Data listing
━━━━━━━━

Lemma pell_conj_unit (a b s : R) : 0 < a -> 0 < b -> 0 < s -> a ^ 2 - s * s * b ^ 2 = 1 ->
  0 < a - b * s < 1 /\ a + b * s = / (a - b * s).
Proof.
  intros Ha Hb Hs E.
  assert (Hu : 1 < a + b * s) by nra.
  assert (Huv : (a + b * s) * (a - b * s) = 1) by nra.
  assert (Hv : 0 < a - b * s) by nra.
  split; [nra|].
  apply Rmult_eq_reg_r with (a - b * s); [rewrite Rinv_l; lra | lra].
Qed.

Theorem theorem3 (n : nat) (a b : Q) (A B : nat -> Q) :
  (2 <= n)%nat ->
  ~ (exists m : nat, n = (m * m)%nat) ->
  0 < Q2R a -> 0 < Q2R b ->
  Q2R a ^ 2 - INR n * Q2R b ^ 2 = 1 ->
  (forall k : nat, (1 <= k)%nat ->
     (Q2R a + Q2R b * sqrt (INR n)) ^ k = Q2R (A k) + Q2R (B k) * sqrt (INR n)) ->
  infinite_sum
    (fun j : nat => RogersL (/ (Q2R (B (j + 2)%nat) / Q2R b) ^ 2))
    (RogersL (/ (Q2R a + Q2R b * sqrt (INR n)) ^ 2))
  /\
  ((exists za zb : Z, Q2R a = IZR za /\ Q2R b = IZR zb) ->
   forall k : nat, (1 <= k)%nat -> exists z : Z, Q2R (B k) / Q2R b = IZR z).
Proof.
  intros Hn Hsq Ha Hb Hpell HAB.
  set (r k := snd (pell_coeffs n a b k)).
  assert (HB : forall k, (1 <= k)%nat -> Q2R (B k) / Q2R b = Q2R (r k))
    by (intros k Hk; exact (pell_coeffs_snd_coord n a b (A k) (B k) k Hsq Hb (HAB k Hk))).
  split.
  - assert (Hs : 0 < sqrt (INR n)) by (apply sqrt_lt_R0, (lt_INR 0); lia).
    destruct (pell_conj_unit (Q2R a) (Q2R b) (sqrt (INR n))) as [Hv Hu]; try assumption.
    { rewrite sqrt_sqrt by apply pos_INR; exact Hpell. }
    set (v := Q2R a - Q2R b * sqrt (INR n)) in *.
    assert (Hr : forall k, Q2R (r k) = (/ v ^ k - v ^ k) / (/ v - v)).
    { intros k; destruct (pell_coeffs_pow n a b k) as [Hu_k Hv_k].
      rewrite <- pow_inv, <- Hu, Hu_k; unfold v; rewrite Hv_k; unfold r.
      field; nra. }
    rewrite Hu, pow_inv, Rinv_inv.
    apply is_series_Reals; eapply is_series_ext; [|apply is_series_Reals, RogersL_unit_series, Hv].
    intros j; cbv beta; rewrite HB, Hr by lia.
    replace (j + 2)%nat with (S (S j)) by lia; reflexivity.
  - intros [za [zb [Ea Eb]]] k Hk; rewrite HB by exact Hk.
    exact (proj2 (pell_coeffs_integral n a b za zb Ea Eb k)).
Qed.
(* Avoidance is first made combinatorial (avoidsP): edges uu', vv' avoid each
   other iff their endpoints are distinct and either both crossing pairs uv',
   u'v or both parallel pairs uv, u'v' are non-edges; indeed 2K2, P4 and C4 are
   the graphs on two disjoint edges in which no vertex dominates the others.

   Asteroid => invertible pair.  For edges a, b, the crossing pairs (x, y), with
   x an endpoint of a and y one of b, moving strictly to the two other endpoints,
   are all ~-equivalent, and if a avoids a walk then the crossing pairs of a with
   its first and last edges are equivalent.  Along the orbit i |-> i + k + 1 of
   the 2k+1 asteroid edges each step swaps the pair; after an odd number of steps
   some pair z satisfies z ~ swap z.

   Invertible pair => asteroid.  A ~-path from (u, v) to (v, u) without trivial
   steps, continued by its swap, gives a closed walk w of length 2m, m >= 2,
   whose antipodal vertices w_n, w_(n+m) are distinct with w_n not adjacent to
   w_(n+m+1).  For k = m - 1 the edges w_0w_1, ..., w_2k w_(2k+1) form a weak
   edge-asteroid, each edge avoiding the three edges opposite to it. *)

Ltac ord4_cases := let i := fresh "i" in move=> i; case: i => [[|[|[|[|?]]]] ?] //.

(* A pattern on 'I_4 is dominating-free when no vertex is adjacent to the
   three others; this is the only property of 2K2, P4 and C4 used below. *)
Definition dominating_free (H : rel 'I_4) : Prop :=
  forall i j1 j2 j3 : 'I_4, uniq [:: j1; j2; j3] -> ~~ [&& H i j1, H i j2 & H i j3].

Lemma twoK2_dominating_free : dominating_free twoK2_pat.
Proof. by do 4 ord4_cases. Qed.

Lemma P4_dominating_free : dominating_free P4_pat.
Proof. by do 4 ord4_cases. Qed.

Lemma C4_dominating_free : dominating_free C4_pat.
Proof. by do 4 ord4_cases. Qed.

Section ReflexiveGraph.
Variables (T : finType) (e : rel T).
Hypotheses (e_refl : forall v : T, e v v) (e_sym : symmetric e).

Lemma nonadj_neq (a b : T) : ~~ e a b -> a != b.
Proof. by apply: contraNneq => ->; rewrite e_refl. Qed.

Lemma nonadj_neighbour_neq (a b c : T) : ~~ e a b -> e a c -> b != c.
Proof. by move=> nab; apply: contraTneq => <-. Qed.

Lemma disjoint_pairsP (u u' v v' : T) :
  reflect ([set u; u'] :&: [set v; v'] = set0) [&& u != v, u != v', u' != v & u' != v'].
Proof.
apply: (iffP idP) => [/and4P[uv uv' u'v u'v']|disj].
  apply/setP => z; rewrite !inE.
  case: (eqVneq z u) => [->|_]; first by rewrite (negbTE uv) (negbTE uv').
  by case: (eqVneq z u') => [->|_]; rewrite ?(negbTE u'v) ?(negbTE u'v').
have common z : z \in [set u; u'] -> z \in [set v; v'] -> False.
  by move=> zu zv; have := in_set0 z; rewrite -disj inE zu zv.
by apply/and4P; split; apply/eqP => eq_z;
  [apply: (common u) | apply: (common u) | apply: (common u') | apply: (common u')];
  rewrite !inE ?eq_z eqxx ?orbT.
Qed.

━━━━━━━━

Precisely reproduce the lines of the entries, beginning at the first and ending at the one containing "split; [nra|].". Add nothing.

Exercise answer
Lemma pell_conj_unit (a b s : R) : 0 < a -> 0 < b -> 0 < s -> a ^ 2 - s * s * b ^ 2 = 1 ->
  0 < a - b * s < 1 /\ a + b * s = / (a - b * s).
Proof.
  intros Ha Hb Hs E.
  assert (Hu : 1 < a + b * s) by nra.
  assert (Huv : (a + b * s) * (a - b * s) = 1) by nra.
  assert (Hv : 0 < a - b * s) by nra.
  split; [nra|].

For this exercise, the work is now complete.